Does your employer provide you with group term life insurance? If so, and if your salary is higher than $50,000, this employee “benefit” may be creating undesirable income tax consequences for you. Here’s why.

The first $50,000 of group term life insurance coverage that your employer provides is excluded from taxable income and doesn’t add anything to your income tax bill. But the employer-paid cost of group term coverage in excess of $50,000 is taxable income to you even though you never actually receive it (i.e., it is “phantom income”). What’s worse, the cost of group term insurance must be determined under a table prepared by IRS even if the employer’s actual cost is less than the cost figured under the table. Under this table, the amount of taxable phantom income attributed to an older employee will often be higher than the premium the employee would pay for comparable coverage under an individual term policy. This tax trap gets worse as the employee gets older and as the amount of his compensation increases.

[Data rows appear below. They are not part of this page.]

Lemma balanced_chain_MSC : MSC balanced_chain (fun N i => p i N).
Proof.
have [W_bal W_small W_pair] := W_chain.
move=> N mN; have [W_sym W_ge0 _] := W_bal N.
split=> [i j iN jN|i iN|||i j iN jN ij].
- rewrite /balanced_chain; case: ifP => _; first by rewrite subr_ge0 ltW ?W_small.
  by rewrite mulr_ge0 ?W_ge0 ?(choice_ge0 p_sc _ _ (menu2 i j)).
- exact: choice_ge0.
- exact: choice_sum.
- move=> i iN; rewrite /balanced_chain eqxx subr_gt0 W_small //; split=> //.
  by congr (_ - _); apply: eq_bigr => k /andP[_ ki]; rewrite eq_sym (negbTE ki).
have ji : j != i by rewrite eq_sym.
rewrite /balanced_chain (negbTE ij) (negbTE ji); split.
  move=> /eqP; rewrite mulf_eq0 (gt_eqF (W_pair _ _ ij)) /= => /eqP pj0.
  have := choice_pair_sum p_sc ij; rewrite pj0 addr0 finset.setUC => ->.
  by rewrite mulr1 W_pair.
have [W2_sym _ _] := W_bal [set i; j].
rewrite W2_sym ?inE ?eqxx ?orbT // W_sym // finset.setUC; ring.
Qed.

Lemma balanced_chain_rationalizes : rationalizes p balanced_chain (fun N i => p i N).
Proof.
move=> N mN j jN; apply: cvg_near_cst.
apply: filterS2 (nbhs_right_gt (0:R)) (nbhs_right_lt (@ltr01 R)) => a a0 a1.
apply: abel_sum_stationary => //; last by rewrite a0 a1.
exact: balanced_chain_stationary.
Qed.

Section Comparability.
Variable M : {set T}.
Hypothesis W_pos : {in M &, forall i j, i != j -> 0 < W M i j}.

Lemma balanced_chain_pairwise_comparable : pairwise_comparable balanced_chain M.
Proof.
move=> i j iM jM ij; have ji : j != i by rewrite eq_sym.
rewrite /balanced_chain (negbTE ij) (negbTE ji) => /eqP.
rewrite mulf_eq0 (gt_eqF (W_pos _ _ iM jM ij)) /= => /eqP pj0.
have := choice_pair_sum p_sc ij; rewrite pj0 addr0 finset.setUC => ->.
by rewrite mulr1 W_pos.
Qed.

Lemma balanced_chain_fully_comparable :
  {in M &, forall i j, 0 < p i [set i; j]} -> fully_comparable balanced_chain M.
Proof.
move=> p2_gt0 i j iM jM ij; rewrite /balanced_chain (negbTE ij).
by rewrite mulr_gt0 ?W_pos // finset.setUC p2_gt0.
Qed.

End Comparability.

End BalancedChain.

Lemma bounded_in_cycle_chain_weights {R : realType} {T : finType}
    {p : T -> {set T} -> R} {M : {set T}} :
  stoch_choice p ->
  (forall i j, i \in M -> j \in M -> i != j -> bounded_in_cycle p M i j) ->
  exists W, chain_weights p W /\ {in M &, forall i j, i != j -> 0 < W M i j}.
Proof.
move=> p_sc bounded.
have [w [w_bal w_pos]] := bounded_in_cycle_balancing_weight bounded.
have [_ w_ge0 _] := w_bal.
pose S := \sum_(k in M) \sum_(l in M) w k l.
have row_le_S i : i \in M -> \sum_(k in M) w i k <= S.
  move=> iM; rewrite /S [leRHS](bigD1 i) //= lerDl.
  by apply: sumr_ge0 => k /andP[kM _]; apply: sumr_ge0 => l lM; exact: w_ge0.
pose t := (1 + S)^-1.
have S_ge0 : 0 <= S.
  by apply: sumr_ge0 => k kM; apply: sumr_ge0 => l lM; exact: w_ge0.
have t_gt0 : 0 < t by rewrite invr_gt0; lra.
(* Binary menus need a positive weight for (A2); any constant is balancing
   there since [delta] vanishes on binary menus. *)
pose W N k l := if N == M then t * w k l else if #|N| == 2 then 2^-1 else 0.
exists W; split; last by rewrite /W eqxx => i j iM jM ij; rewrite mulr_gt0 ?w_pos.
split=> [N|N mN i iN|i j ij].
- rewrite /W; case: eqP => [->|_]; first exact: balancing_scale (ltW t_gt0) w_bal.
  case: eqP => [N2|_]; last exact: balancing0.
  by apply: balancing_pair_cst; rewrite ?invr_ge0.
- rewrite /W; case: eqP => [NM|_]; last case: eqP => [N2|_].
  + subst N; apply: (@le_lt_trans _ _ (t * S)).
      under eq_bigr do rewrite -mulrA.
      rewrite -mulr_sumr ler_pM2l // (le_trans _ (row_le_S _ iN)) //.
      rewrite [leRHS](bigD1 i) //= ler_wpDl ?w_ge0 // ler_sum // => k /andP[kM _].
      by rewrite ler_piMr ?w_ge0 ?(choice_le1 p_sc _ _ (menu2 i k)).
    by rewrite /t mulrC ltr_pdivrMr; lra.
  + rewrite -mulr_sumr (@le_lt_trans _ _ (2^-1 * 1)) ?mulr1 ?invf_lt1 ?ltr1n //.
    rewrite ler_piMr ?invr_ge0 // -(choice_sum p_sc mN) [leRHS](bigD1 i) //=.
    rewrite (eq_bigr (fun k => p k N)) => [|k /andP[kN ki]].
      by rewrite lerDr (choice_ge0 p_sc _ _ mN).
    by rewrite (set2_card2 N2 iN kN) // eq_sym.
  + by rewrite big1 ?ltr01 // => k _; rewrite mul0r.
rewrite /W; case: eqP => [NM|_].
  by rewrite mulr_gt0 ?w_pos // -NM !inE eqxx ?orbT.
by rewrite cards2 ij invr_gt0 ltr0n.
Qed.

Theorem theorem2 (R : realType) (T : finType) (p : T -> {set T} -> R)
  (M : {set T}) :
  stoch_choice p -> menu M ->
  ((exists (Q : {set T} -> T -> T -> R) (nu : {set T} -> T -> R),
      [/\ MSC Q nu, rationalizes p Q nu & pairwise_comparable Q M]) <->
   (forall i j, i \in M -> j \in M -> i != j -> bounded_in_cycle p M i j))
  /\
  ((exists (Q : {set T} -> T -> T -> R) (nu : {set T} -> T -> R),
      [/\ MSC Q nu, rationalizes p Q nu & fully_comparable Q M]) <->
   [/\ (forall i, i \in M -> 0 < p i M),
       (forall i j, i \in M -> j \in M -> 0 < p i [set i; j]) &
       (forall i j, i \in M -> j \in M -> i != j -> bounded_in_cycle p M i j)]).
Proof.
move=> p_sc mM; split; split.
- case=> Q [nu [Q_msc Q_rat Q_pc]].
  exact: (rationalizes_bounded_in_cycle p_sc Q_msc Q_rat mM Q_pc).
- case/(bounded_in_cycle_chain_weights p_sc) => W [W_chain W_pos].
  exists (balanced_chain p W), (fun N i => p i N); split.
  + exact: balanced_chain_MSC.
  + exact: balanced_chain_rationalizes.
  + exact: balanced_chain_pairwise_comparable.
- case=> Q [nu [Q_msc Q_rat Q_fc]].
  have Q_pc : pairwise_comparable Q M.
    by move=> i j iM jM ij Qij0; have := Q_fc i j iM jM ij; rewrite Qij0 ltxx.
  split; first exact: (fully_comparable_choice_gt0 p_sc Q_msc Q_rat mM Q_fc).
    exact: (fully_comparable_pair_choice_gt0 p_sc Q_msc Q_rat mM Q_fc).
  exact: (rationalizes_bounded_in_cycle p_sc Q_msc Q_rat mM Q_pc).
case=> p_gt0 p2_gt0 /(bounded_in_cycle_chain_weights p_sc) [W [W_chain W_pos]].
exists (balanced_chain p W), (fun N i => p i N); split.
- exact: balanced_chain_MSC.
- exact: balanced_chain_rationalizes.
- exact: balanced_chain_fully_comparable.
Qed.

What should you do if you think you might be one of the people for whom the tax cost of employer-provided group term life insurance is undesirably high? First, you should determine if this is actually the case. If a specific dollar amount appears in Box 12 of your Form W-2 (with code “C“), that dollar amount represents your employer’s cost of providing you with group-term life insurance coverage in excess of $50,000, less any amount you paid for the coverage. You are responsible for any and all Federal, State, and local taxes on the amount in Box 12, and for the FICA tax (Social Security and Medicare) as well. But keep in mind that the amount in Box 12 is already included as part of your total “Wages, tips and other compensation” in Box 1 of the W-2, and it’s the Box 1 amount that’s reported on your tax return.

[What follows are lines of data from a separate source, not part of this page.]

Lemma private_colours_witness (S : {set 'I_n}) (v : 'I_n) c :
  v \in S -> c \in private_colours S v ->
  exists a, [/\ a \in S, a != v, col [set v; a] = c & private_colour S v c].
Proof.
move=> v_S; rewrite mem_filter mem_undup => /andP [c_notin c_in].
have c_priv : private_colour S v c.
  move=> x y x_S y_S neq_xy neq_xv neq_yv; apply: contraNneq c_notin => <-.
  rewrite mem_colours_in ?edge_in_Kedges //.
  by rewrite subUset !sub1set !in_setD1 neq_xv neq_yv x_S y_S.
have [x [y [x_S y_S neq_xy col_xy]]] := colours_inP c_in.
have [x_v|neq_xv] := eqVneq x v; first by subst x; exists y; split; rewrite // eq_sym.
have [y_v|neq_yv] := eqVneq y v; first by subst y; exists x; split; rewrite // setUC.
by have := c_priv x y x_S y_S neq_xy neq_xv neq_yv; rewrite col_xy eqxx.
Qed.

Lemma private_pair_of_colours (S : {set 'I_n}) (v : 'I_n) :
  v \in S -> 1 < size (private_colours S v) -> exists a b, private_pair S v a b.
Proof.
move=> v_S gt1; have c_uniq : uniq (private_colours S v).
  by rewrite filter_uniq ?undup_uniq.
have [a [a_S neq_av col_a priv_a]] := private_colours_witness v_S (mem_nth 0 (ltnW gt1)).
have [b [b_S neq_bv col_b priv_b]] := private_colours_witness v_S (mem_nth 0 gt1).
exists a, b; constructor; rewrite ?col_a ?col_b //.
by rewrite nth_uniq // ltnW.
Qed.

Lemma fresh_vertex (S : {set 'I_n}) (l : seq 'I_n) :
  size l < #|S| -> exists2 x, x \in S & x \notin l.
Proof.
rewrite cardE => /(exists_outside (enum_uniq S)) [x x_S x_l].
by exists x => //; rewrite -mem_enum.
Qed.

(* If u has the private pair (a, b) and some edge yz avoiding u, a and b has a
   colour private to y, then with a sixth vertex x the path a u b x and the
   edge yz form a rainbow copy. *)
Lemma rainbow_of_disjoint_private (S : {set 'I_n}) (u a b y z : 'I_n) :
  5 < #|S| -> private_pair S u a b -> y \in S -> z \in S -> z != y ->
  private_colour S y (col [set y; z]) ->
  y \notin [:: u; a; b] -> z \notin [:: u; a; b] -> rainbow_in S.
Proof.
move=> ge6 pp_u y_S z_S neq_zy priv_y y_out z_out.
have [x x_S x_out] := fresh_vertex (l := [:: u; a; b; y; z]) ge6.
move: x_out y_out z_out; rewrite !inE !negb_or.
case/and5P=> neq_xu neq_xa neq_xb neq_xy neq_xz.
case/and3P=> neq_yu neq_ya neq_yb; case/and3P=> neq_zu neq_za neq_zb.
have [u_S a_S b_S neq_au neq_bu _ priv_a priv_b] := pp_u.
have neq_ab := private_pair_neq pp_u.
apply: (@rainbow_in_of_vertices S a u b x y z).
- by rewrite /= !inE !negb_or; repeat (apply/andP; split); rewrite // eq_sym.
- by rewrite /= a_S u_S b_S x_S y_S z_S.
- rewrite /= !inE !negb_or setUC (pp_neq pp_u) /=.
  rewrite !(eq_sym (col [set u; a])) !(eq_sym (col [set u; b])).
  by rewrite !priv_a ?priv_b ?priv_y //; rewrite eq_sym.
Qed.

(* If w2 has the private pair (a2, b2) and the colour of w a2 is private to w,
   then the path w a2 w2 b2 and any disjoint edge w3 t form a rainbow copy. *)
Lemma rainbow_of_shared_private (S : {set 'I_n}) (w a2 w2 b2 w3 t : 'I_n) :
  private_pair S w2 a2 b2 -> w \in S -> private_colour S w (col [set w; a2]) ->
  w3 \in S -> t \in S -> uniq [:: w; a2; w2; b2; w3; t] -> rainbow_in S.
Proof.
move=> pp_w2 w_S priv_w w3_S t_S vs_uniq.
have [w2_S a2_S b2_S _ _ neq_col priv_a2 priv_b2] := pp_w2.
apply: (@rainbow_in_of_vertices S w a2 w2 b2 w3 t) => //.
  by rewrite /= w_S a2_S w2_S b2_S w3_S t_S.
move: vs_uniq; rewrite /= !inE !negb_or.
case/and5P=> /and5P [? ? ? ? ?] /and4P [? ? ? ?] /and3P [? ? ?] /andP [? ?] /andP [? _].
rewrite [[set a2; w2]]setUC neq_col /= !(eq_sym (col [set w; a2])).
rewrite !(eq_sym (col [set w2; a2])) !(eq_sym (col [set w2; b2])).
by rewrite !priv_w ?priv_a2 ?priv_b2 //; rewrite eq_sym.
Qed.

Lemma private_pairs_meet (S : {set 'I_n}) (u a b y z z' : 'I_n) :
  5 < #|S| -> private_pair S u a b -> private_pair S y z z' ->
  y \notin [:: u; a; b] -> rainbow_in S \/ z \in [:: u; a; b].
Proof.
move=> ge6 pp_u pp_y y_out; have [z_in | z_out] := boolP (z \in _); first by right.
left; have [y_S z_S _ neq_zy _ _ priv_z _] := pp_y.
exact: rainbow_of_disjoint_private ge6 pp_u y_S z_S neq_zy priv_z y_out z_out.
Qed.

If you then decide that this cost is too high for the benefit you’re getting in return, you should find out whether your employer has a “carve-out” plan (a plan that carves out selected employees from group term coverage) or, if not, whether it would be willing to create one. There are several different types of carve-out plans that employers can offer to their employees. For example, the employer can continue to provide $50,000 of group term insurance (since there’s no tax cost for the first $50,000 of coverage) and either provide the employee with an individual policy for the balance of the coverage, or give the employee the amount the employer would have spent for the excess coverage as a cash bonus that the employee can use to pay the premiums on an individual policy.